Bk = targetMapToOrigRow[Ak] is valid if the local column of A, A.ind[k], is a local row of B_local. In that case, Bk is the current local row of B_local at which to look. Otherwise, Ik = targetMapToImportRow[Ak] is the current local row of B_remote at which to look.
Bcol2col[B_local.ind[j]]
Icol2col[B_remote.ind[j]]

mhoemmen commented 8 years ago

The output matrix C of mult_A_B_newmatrix gets its column Map and Import as the union ("setUnion") of the column Maps resp. Imports of B_local and B_remote.
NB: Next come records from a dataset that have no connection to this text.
Lemma has_Xderiv_quad n B i z : sym_mat n B -> (i < 2 * n)%nat ->
  has_Xderiv n i (quad n B) z (2 * mxv n B z i).
Proof.
  intros HB Hi. do 2 eexists. split; [|split]; [apply has_pderiv_quad, HB .. |].
  unfold dquad. destruct (Nat.ltb_spec i (2 * n)), (Nat.ltb_spec (2 * n) (2 * n)); try lia. ring.
Qed.

Lemma has_Xderiv_tcoord n i z : (i < 2 * n)%nat ->
  has_Xderiv n i (fun w => w (2 * n)%nat) z (2 * Jx n z i).
Proof.
  intros Hi. do 2 eexists. split; [|split]; [apply has_pderiv_coord .. |].
  destruct (Nat.eqb_spec (2 * n) i); [lia|]. rewrite Nat.eqb_refl. ring.
Qed.

Lemma has_Xderiv_phiM n B i z : sym_mat n B -> (i < 2 * n)%nat ->
  has_Xderiv n i (phiM n B) z (4 * hgrad n B z i).
Proof.
  intros HB Hi. do 2 eexists. split; [|split]; [apply has_pderiv_phiM, HB .. |].
  unfold dphi, dquad, hgrad.
  destruct (Nat.ltb_spec i (2 * n)), (Nat.ltb_spec (2 * n) (2 * n)); try lia.
  destruct (Nat.eqb_spec (2 * n) i); [lia|]. rewrite Nat.eqb_refl. ring.
Qed.

Lemma has_Xderiv_hgrad n B i j z : sym_mat n B -> (j < 2 * n)%nat ->
  has_Xderiv n j (fun w => hgrad n B w i) z (dhgrad n B z i j).
Proof.
  intros HB Hj. eapply has_Xderiv_val.
  { apply has_Xderiv_plus; apply has_Xderiv_mult.
    - apply has_Xderiv_quad; assumption.
    - apply has_Xderiv_mxv, Hj.
    - apply has_Xderiv_tcoord, Hj.
    - exact (has_Xderiv_mxv n (Jmat n) j i z Hj). }
  unfold dhgrad. ring.
Qed.

Definition Gamma_exponent (n : nat) : R := - (Qdim n - 2) / 4.

Definition XGamma (n : nat) (B : nat -> nat -> R) (i : nat) (z : nat -> R) : R :=
  4 * Gamma_exponent n * Rpower (phiM n B z) (Gamma_exponent n - 1) * hgrad n B z i.

Lemma Rpower_pred x c : 0 < x -> Rpower x c = Rpower x (c - 1) * x.
Proof.
  intros Hx. rewrite <- (Rpower_1 x) at 3 by exact Hx.
  rewrite <- Rpower_plus. f_equal. ring.
Qed.

Lemma Gamma_exponent_eq n : Gamma_exponent n = - INR n / 2.
Proof. unfold Gamma_exponent, Qdim. rewrite plus_INR, mult_INR. simpl. field. Qed.

Section Gamma.

Variables (n : nat) (B : nat -> nat -> R).
Hypothesis HB : sym_mat n B.

Lemma has_pderiv_GammaM k z : 0 < phiM n B z ->
  has_pderiv (GammaM n B) k z
    (Gamma_exponent n * Rpower (phiM n B z) (Gamma_exponent n - 1) * dphi n B k z).
Proof. intros Hphi. apply has_pderiv_Rpower; [exact Hphi | apply has_pderiv_phiM, HB]. Qed.

Lemma has_Xderiv_GammaM i z : (i < 2 * n)%nat -> 0 < phiM n B z ->
  has_Xderiv n i (GammaM n B) z (XGamma n B i z).
Proof.
  intros Hi Hphi. eapply has_Xderiv_val.
  { apply has_Xderiv_Rpower; [exact Hphi | apply has_Xderiv_phiM; assumption]. }
  unfold XGamma, Gamma_exponent. ring.
Qed.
    // NOTE: This is not efficient and should be folded into setUnion
    Icol2Ccol.resize(Bview.importMatrix->getColMap()->getNodeNumElements());
    ArrayView<const GlobalOrdinal> Bgid = Bview.origMatrix->getColMap()->getNodeElementList();
    ArrayView<const GlobalOrdinal> Igid = Bview.importMatrix->getColMap()->getNodeElementList();
    for(size_t i=0; i<Bview.origMatrix->getColMap()->getNodeNumElements(); i++)
      Bcol2Ccol[i] = Ccolmap->getLocalElement(Bgid[i]);
    for(size_t i=0; i<Bview.importMatrix->getColMap()->getNodeNumElements(); i++)
      Icol2Ccol[i] = Ccolmap->getLocalElement(Igid[i]);

aprokop commented 8 years ago

I just want to document that I've tried a slightly different variant to speed things up, but was not successful. The thing I tried was to accumulate products and then merge together.

https://gist.github.com/aprokop/05ba603a934c7a96ac80

I would like for us to discuss what kind of improvements we may want to consider, and what is the path forward for multithreaded MMM.

@mhoemmen @mndevec @csiefer2

srajama1 commented 8 years ago

Mehmet and I have an algorithm worked out that we expect to be "performance portable". Mehmet is implementing that. We are expecting Chris & Chris to take care of the distributed memory stuff.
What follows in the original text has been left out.